[Your task]
Review the listing and copy each line that holds the word "case".

[Dataset extract]

(* The [k]-th interval, widened by [g'], is cut out of [[u, v]]; the slack budget forces one of
   the two remaining pieces to keep slack [g']. *)
Lemma nest_step (s : nest) : nest_inv s -> exists s', nest_next s s'.
Proof.
case: s => k u v g Hinv; have := Hinv; rewrite /nest_inv /= => -[j1u uv vj2 g0 [avoid hS]].
set g' := Order.min (LChalf (LChalf g)) (delta k.+1%:R).
have g'0 : 0 < g' by rewrite lt_min !LChalf_gt0 // delta_gt0.
have g'd : g' <= delta k.+1%:R := ge_minr _ _.
have g'4 : g' + g' + (g' + g') <= g.
  have hg : g' <= LChalf (LChalf g) := ge_minl _ _.
  have eg : g = LChalf (LChalf g) + LChalf (LChalf g) + (LChalf (LChalf g) + LChalf (LChalf g)).
    by rewrite !LChalfK.
  by rewrite [X in _ <= X]eg; apply: LC_lerD; apply: LC_lerD.
set a := Order.min v (Order.max u (c k - g')).
set b := Order.max a (Order.min v (e k + g')).
have ua : u <= a by rewrite le_min uv le_maxl.
have av : a <= v := ge_minl _ _.
have ab : a <= b := le_maxl _ _.
have bv : b <= v by rewrite /b ge_max av ge_minl.
have gap : b - a <= overlap (c k) (e k) u v + (g' + g') := widened_gap_le _ _ uv (ltW g'0).
have key N : ovl k.+1 u a N + ovl k.+1 b v N + (g' + g') <= (a - u) + (v - b).
  have hN := hS N.+1; rewrite ovl_step in hN.
  have spl : ovl k.+1 u a N + ovl k.+1 b v N <= ovl k.+1 u v N.
    rewrite /ovl -LCpsumD; apply: LCpsum_le => i.
    rewrite (overlap_split _ _ ua (le_trans ab bv)) (overlap_split _ _ ab bv) LC_lerD2l.
    by rewrite addrC LC_lerDl overlap_ge0.
  rewrite -(LC_lerD2r (overlap (c k) (e k) u v + (g' + g'))).
  apply: (@le_trans _ _ (ovl k.+1 u v N + overlap (c k) (e k) u v + g)).
    have -> : ovl k.+1 u a N + ovl k.+1 b v N + (g' + g') + (overlap (c k) (e k) u v + (g' + g'))
      = ovl k.+1 u a N + ovl k.+1 b v N + overlap (c k) (e k) u v + (g' + g' + (g' + g')).
      by lc_ring.
    by apply: LC_lerD => //; apply: LC_lerD.
  rewrite (addrC (ovl _ _ _ _)); apply: le_trans hN _.
  have -> : v - u = a - u + (v - b) + (b - a) by lc_ring.
  by rewrite LC_lerD2l.
case: (split_slack (ovl_mono k.+1 u a) (ovl_mono k.+1 b v) key) => hP.
- apply: (nest_next_within (s := Nest k u v g) (p := u) (q := a) (g := g')) => //=.
  move=> x ux xa [cx _].
  have ua' : u < a by rewrite -LC_subr_gt0; apply: lt_le_trans (hP 0%N); rewrite ovl0 add0r.
  by move: cx; rewrite leNgt (lt_widened_left g'0 ua' xa).
- apply: (nest_next_within (s := Nest k u v g) (p := b) (q := v) (g := g')) => //=.
    exact: le_trans ua ab.
  move=> x bx xv [_ xe].
  have bv' : b < v by rewrite -LC_subr_gt0; apply: lt_le_trans (hP 0%N); rewrite ovl0 add0r.
  by move: xe; rewrite leNgt (gt_widened_right g'0 bv' bx).
Qed.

[Written response]
case: s => k u v g Hinv; have := Hinv; rewrite /nest_inv /= => -[j1u uv vj2 g0 [avoid hS]].
case: (split_slack (ovl_mono k.+1 u a) (ovl_mono k.+1 b v) key) => hP.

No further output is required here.